For your load balancing requirement, www.cloudflare.com
For your DNS requirements, www.cloudflare.com
Hope the information provided would be useful for your consideration.
If you need more info, please feel free to email me.
Already many good suggestions listed. I'll add another DNS provider to look into: NS1 (ns1.com). They have options for private managed DNS, dedicated DNS, and a control layer for load balancing based on any number of policies you set.
All of the DNS providers listed can provide a layer of defense against DDoS, with the CDNs (Cloudflare, Incapsula, Akamai) also offering WAF. Given the nature of infrastructure attacks, many enterprises are looking to have redundant providers at the DNS level in addition to your use of separate ISPs for internet traffic.

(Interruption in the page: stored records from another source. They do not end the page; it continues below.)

Lemma koszul_diff_glue_last n (x : 'I_n -> T) z psi0 psi1 (X : {set 'I_n}) :
  d (insert_at ord_max x z) (glue ord_max psi0 psi1) (ord_max |: lift ord_max @: X) =
  (-1) ^+ #|X| * z * psi0 X + d x psi1 X.
Proof.
rewrite koszul_diff_glue_setU1.
have -> : [set k in lift ord_max @: X | (k < (@ord_max n))%N] = lift ord_max @: X.
  apply/setP => k; rewrite !inE andb_idr // => /imsetP [j _ ->].
  by rewrite val_lift_max ltn_ord.
rewrite card_imset_lift; congr (_ + _); apply: eq_bigr => j _.
by rewrite val_lift_max ltnNge /= ltnW // expr0 mul1r.
Qed.

End KoszulDifferential.

Lemma koszul_cohom_zeroP (R T : comPzRingType) (g : R -> T) (M : T -> Prop) (M0 : M 0)
    l (x : 'I_l -> R) i :
  ~ koszul_cohom_nonzero g M x i <->
  forall phi, koszul_cochain M i phi -> koszul_cocycle g x phi ->
    exists2 psi, koszul_prev_cochain M i psi & koszul_diff g x psi =1 phi.
Proof.
split => [nz phi cphi zphi | exact_i [phi [cphi [zphi []]]]].
  apply: NNPP => nopsi; apply: nz; exists phi; do 2!split => //.
  case=> [phi0 | [i_gt0 [psi [[Mpsi psi0] dpsi]]]]; apply: nopsi.
    by exists (fun _ => 0) => // S; rewrite koszul_cocycle0 phi0.
  by exists psi => //; split => // S; rewrite -(prednK i_gt0) eqSS; apply: psi0.
have [psi [Mpsi psi0] dpsi] := exact_i phi cphi zphi.
case: (posnP i) => [i0|i_gt0].
  left => S; rewrite -dpsi (_ : psi = fun _ => 0) ?koszul_cocycle0 //.
  by apply: functional_extensionality => Y; apply: psi0; rewrite i0.
right; split => //; exists psi; split => //; split => // S hS.
by apply: psi0; rewrite -(prednK i_gt0) eqSS.
Qed.

Section CochainGlue.
Variables (T : comPzRingType) (M : T -> Prop) (i : nat).

Lemma koszul_prev_cochain_cochain l (psi : {set 'I_l} -> T) :
  koszul_prev_cochain M i psi -> koszul_cochain M i.-1 psi.
Proof. by case=> Mpsi psi0; split => // S; case: i psi0 => [|i'] psi0 hS; apply: psi0. Qed.

Lemma koszul_cochain_sign l (phi : {set 'I_l} -> T) (X : {set 'I_l}) a :
  koszul_cochain M i phi -> (-1) ^+ #|X| * a * phi X = (-1) ^+ i * a * phi X.
Proof. by case=> _ phi0; case: (eqVneq #|X| i) => [-> //|/phi0 ->]; rewrite !mulr0. Qed.

Lemma koszul_prev_cochain_sign l (psi : {set 'I_l} -> T) (X : {set 'I_l}) a :
  koszul_prev_cochain M i psi -> (-1) ^+ #|X| * a * psi X = - (-1) ^+ i * a * psi X.
Proof.
case=> _ psi0; case: (eqVneq #|X|.+1 i) => [<-|/psi0 ->]; last by rewrite !mulr0.
by rewrite exprS; ring.
Qed.

Variables (n : nat) (p : 'I_n.+1) (psi0 psi1 : {set 'I_n} -> T).

Lemma koszul_cochain_glue :
  koszul_cochain M i (glue p psi0 psi1) <->
  koszul_cochain M i psi0 /\ koszul_prev_cochain M i psi1.
Proof.
split => [[Mpsi psi_0] | [[M0 z0] [M1 z1]]].
  (split; split) => X; rewrite -?(glue_lift p psi0 psi1) -?(glue_setU1 p psi0 psi1) //.
    by move=> hX; apply: psi_0; rewrite card_imset_lift.
  by move=> hX; apply: psi_0; rewrite card_setU1_imset_lift.
by split; elim/(@set_lift_ind _ p) => X;
  rewrite ?glue_lift ?glue_setU1 ?card_imset_lift ?card_setU1_imset_lift; auto.
Qed.

Lemma koszul_prev_cochain_glue :
  koszul_prev_cochain M i (glue p psi0 psi1) <->
  koszul_prev_cochain M i psi0 /\ koszul_prev_cochain M i.-1 psi1.
Proof.
have shift (X : {set 'I_n}) : (#|X|.+2 != i) = (#|X|.+1 != i.-1) by case: i.
split => [[Mpsi psi_0] | [[M0 z0] [M1 z1]]].
  (split; split) => X; rewrite -?(glue_lift p psi0 psi1) -?(glue_setU1 p psi0 psi1) //.
    by move=> hX; apply: psi_0; rewrite card_imset_lift.
  by rewrite -shift => hX; apply: psi_0; rewrite card_setU1_imset_lift.
by split; elim/(@set_lift_ind _ p) => X;
  rewrite ?glue_lift ?glue_setU1 ?card_imset_lift ?card_setU1_imset_lift ?shift; auto.
Qed.

End CochainGlue.

Section KoszulAdjoin.
Variables (T : comPzRingType) (M : T -> Prop) (Sr : T -> Prop).
Hypothesis M0 : M 0.
Hypothesis MD : forall u v, M u -> M v -> M (u + v).
Hypothesis MN : forall u, M u -> M (- u).
Hypothesis SM : forall s u, Sr s -> M u -> M (s * u).

Local Notation d := (koszul_diff (fun r : T => r)).
Local Notation nz := (koszul_cohom_nonzero (fun r : T => r) M).

Lemma M_sum (I : Type) (r : seq I) (P : pred I) (F : I -> T) :
  (forall i, M (F i)) -> M (\sum_(i <- r | P i) F i).
Proof. by move=> MF; apply: big_ind. Qed.

Lemma M_sign e u : M u -> M ((-1) ^+ e * u).
Proof.
by move=> Mu; elim: e => [|e IH]; rewrite ?expr0 ?mul1r // exprS mulN1r mulNr; apply: MN.
Qed.

Lemma koszul_cohom_nonzero_adjoin_span n (x c : 'I_n -> T) i : (forall k, Sr (c k)) ->
  nz x i -> nz (insert_at ord0 x (\sum_k c k * x k)) i.
Proof.
move=> Sc nzx; apply: NNPP => /(koszul_cohom_zeroP _ M0) exact_i; move: nzx.
apply/(koszul_cohom_zeroP _ M0) => phi0 cphi0 zphi0.
have [||Psi] := exact_i (glue ord0 phi0 (koszul_homotopy c phi0)).
- apply/koszul_cochain_glue; split=> //; split => X.
    by apply: M_sum => k; rewrite -mulrA; apply/M_sign/SM/(proj1 cphi0).
  move=> hX; rewrite /koszul_homotopy big1 // => k; rewrite inE => kX.
  by rewrite (proj2 cphi0) ?mulr0 // cardsU1 kX.
- elim/(@set_lift_ind _ (@ord0 n)) => X; first by rewrite koszul_diff_glue_lift.
  by rewrite koszul_diff_glue_first koszul_diff_homotopy // subrr.
rewrite -(glueE ord0 Psi) => /koszul_prev_cochain_glue [cPsi0 _] dPsi.
exists (fun X : {set 'I_n} => Psi (lift ord0 @: X)) => // X.
by rewrite -(glue_lift ord0 phi0 (koszul_homotopy c phi0)) -dPsi koszul_diff_glue_lift.
Qed.

Lemma koszul_cohom_zero_adjoin n (x : 'I_n -> T) z i : Sr z ->
  ~ nz x i.-1 -> ~ nz x i -> ~ nz (insert_at ord_max x z) i.
Proof.
move=> Sz /(koszul_cohom_zeroP _ M0) exact_prev /(koszul_cohom_zeroP _ M0) exact_i.
apply/(koszul_cohom_zeroP _ M0) => phi.
rewrite -(glueE ord_max phi).
set phi0 := fun X => phi _; set phi1 := fun X => phi _.
move=> /koszul_cochain_glue [cphi0 cphi1] zphi.
have zphi0 : koszul_cocycle id x phi0.
  by move=> X; rewrite -(koszul_diff_glue_lift ord_max _ z _ phi1) zphi.
have [psi0 cpsi0 dpsi0] := exact_i phi0 cphi0 zphi0.
(* Correcting [phi1] by [z] times a primitive of [phi0] gives an (i-1)-cocycle of [x];
   a primitive of it is the missing component of a primitive of [phi]. *)
pose phi1' X := phi1 X + (-1) ^+ i * z * psi0 X.
have cphi1' : koszul_prev_cochain M i phi1'.
  split => X.
    by apply: MD (proj1 cphi1 X) _; rewrite -mulrA; apply/M_sign/SM/(proj1 cpsi0).
  by move=> hX; rewrite /phi1' (proj2 cphi1) // (proj2 cpsi0) // mulr0 addr0.
have zphi1' : koszul_cocycle id x phi1'.
  move=> X; rewrite koszul_diff_linear dpsi0 addrC.
  by rewrite -(koszul_cochain_sign _ _ cphi0) -(koszul_diff_glue_last _ _ phi0) zphi.
have [Psi1 cPsi1 dPsi1] := exact_prev phi1' (koszul_prev_cochain_cochain cphi1') zphi1'.
exists (glue ord_max psi0 Psi1); first exact/koszul_prev_cochain_glue.
elim/(@set_lift_ind _ (@ord_max n)) => X; first by rewrite koszul_diff_glue_lift glue_lift.
rewrite koszul_diff_glue_last glue_setU1 dPsi1 /phi1' (koszul_prev_cochain_sign _ _ cpsi0).
by ring.
Qed.

End KoszulAdjoin.

Section Concat.
Variables (U : Type) (m n : nat).

Definition catf (y : 'I_m -> U) (x : 'I_n -> U) : 'I_(m + n) -> U :=
  fun i => match split i with inl j => y j | inr k => x k end.

Lemma catf_l y x (j : 'I_m) : catf y x (lshift n j) = y j.
Proof. by rewrite /catf (unsplitK (inl _)). Qed.

Lemma catf_r y x (k : 'I_n) : catf y x (rshift m k) = x k.
Proof. by rewrite /catf (unsplitK (inr _)). Qed.

End Concat.

Lemma catf_map (U V : Type) (h : U -> V) m n (y : 'I_m -> U) (x : 'I_n -> U) :
  (fun i => h (catf y x i)) = catf (fun j => h (y j)) (fun k => h (x k)).
Proof. by apply: functional_extensionality => i; rewrite /catf; case: split. Qed.

Lemma catf0 (U : Type) n (y : 'I_0 -> U) (x : 'I_n -> U) : catf y x = x.
Proof.
apply: functional_extensionality => i.
by rewrite [in catf y x i](_ : i = rshift 0 i) ?catf_r //; apply: val_inj.
Qed.

Lemma catf_cons (U : Type) m n (y : 'I_m.+1 -> U) (x : 'I_n -> U) :
  catf y x = insert_at ord0 (catf (fun j => y (lift ord0 j)) x) (y ord0).
Proof.
apply: functional_extensionality => i; rewrite /insert_at; case: unliftP => [j|] ->.
  case: (splitP j) => [a|b] ja.
    rewrite (_ : j = lshift n a) ?catf_l; last exact: val_inj.
    by rewrite (_ : lift _ _ = lshift n (lift ord0 a)) ?catf_l //; apply: val_inj.
  rewrite (_ : j = rshift m b) ?catf_r; last exact: val_inj.
  by rewrite (_ : lift _ _ = rshift m.+1 b) ?catf_r //; apply: val_inj.
by rewrite (_ : ord0 = lshift n (@ord0 m)) ?catf_l //; apply: val_inj.
Qed.

Section KgradeSeqMono.
Variables (T : comPzRingType) (M Sr : T -> Prop).
Hypothesis M0 : M 0.
Hypothesis MD : forall u v, M u -> M v -> M (u + v).
Hypothesis MN : forall u, M u -> M (- u).
Hypothesis SM : forall s u, Sr s -> M u -> M (s * u).
Hypothesis S0 : Sr 0.
Hypothesis S1 : Sr 1.

Local Notation gk := (Kgrade_seq (fun r : T => r) M).

Definition in_span n (x : 'I_n -> T) (t : T) : Prop :=
  exists2 c : 'I_n -> T, (forall k, Sr (c k)) & t = \sum_k c k * x k.

Lemma in_span_self n (x : 'I_n -> T) j : in_span x (x j).
Proof.
exists (fun k => (k == j)%:R); first by move=> k; case: eqP.
by rewrite (bigD1 j) //= eqxx mul1r big1 ?addr0 // => k /negbTE ->; rewrite mul0r.
Qed.

Lemma in_span_catl m n (y : 'I_m -> T) (x : 'I_n -> T) t : in_span y t -> in_span (catf y x) t.
Proof.
case=> c Sc ->; exists (catf c (fun _ => 0)) => [i|]; first by rewrite /catf; case: split.
rewrite big_split_ord /= [X in _ + X]big1 ?addr0 => [|i _]; last by rewrite catf_r mul0r.
by apply: eq_bigr => i _; rewrite !catf_l.
Qed.

Lemma in_span_catr m n (y : 'I_m -> T) (x : 'I_n -> T) t : in_span x t -> in_span (catf y x) t.
Proof.
case=> c Sc ->; exists (catf (fun _ => 0) c) => [i|]; first by rewrite /catf; case: split.
rewrite big_split_ord /= [X in X + _]big1 ?add0r => [|i _]; last by rewrite catf_l mul0r.
by apply: eq_bigr => i _; rewrite !catf_r.
Qed.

That may be an additional factor to consider in your RFP process.
Take a look at DOSarrest. www.dosarrest.com They offer a low cost quick and effective Proxy solution to mitigate DDoS attacks across their global POP's as well as a BGP/GRE option if preferred called Data Center Defender. They include Load balancing and a WAF as standard features.
for DNS DDoS Protection you may use Incapsula DNS Protection OR move your DNS services to a big DNS player with DDoS protection OR have a combination of both.
For your webservices you may use a Balancer to balance the load between your ISPs and provide High Availability also (one ISP goes down). For this you should also use your DNS to amend the dns entries.
In case you are using Incapsula you can have both your websites active at the same time (load balance) and have a WAF,CDN and DDoS protection.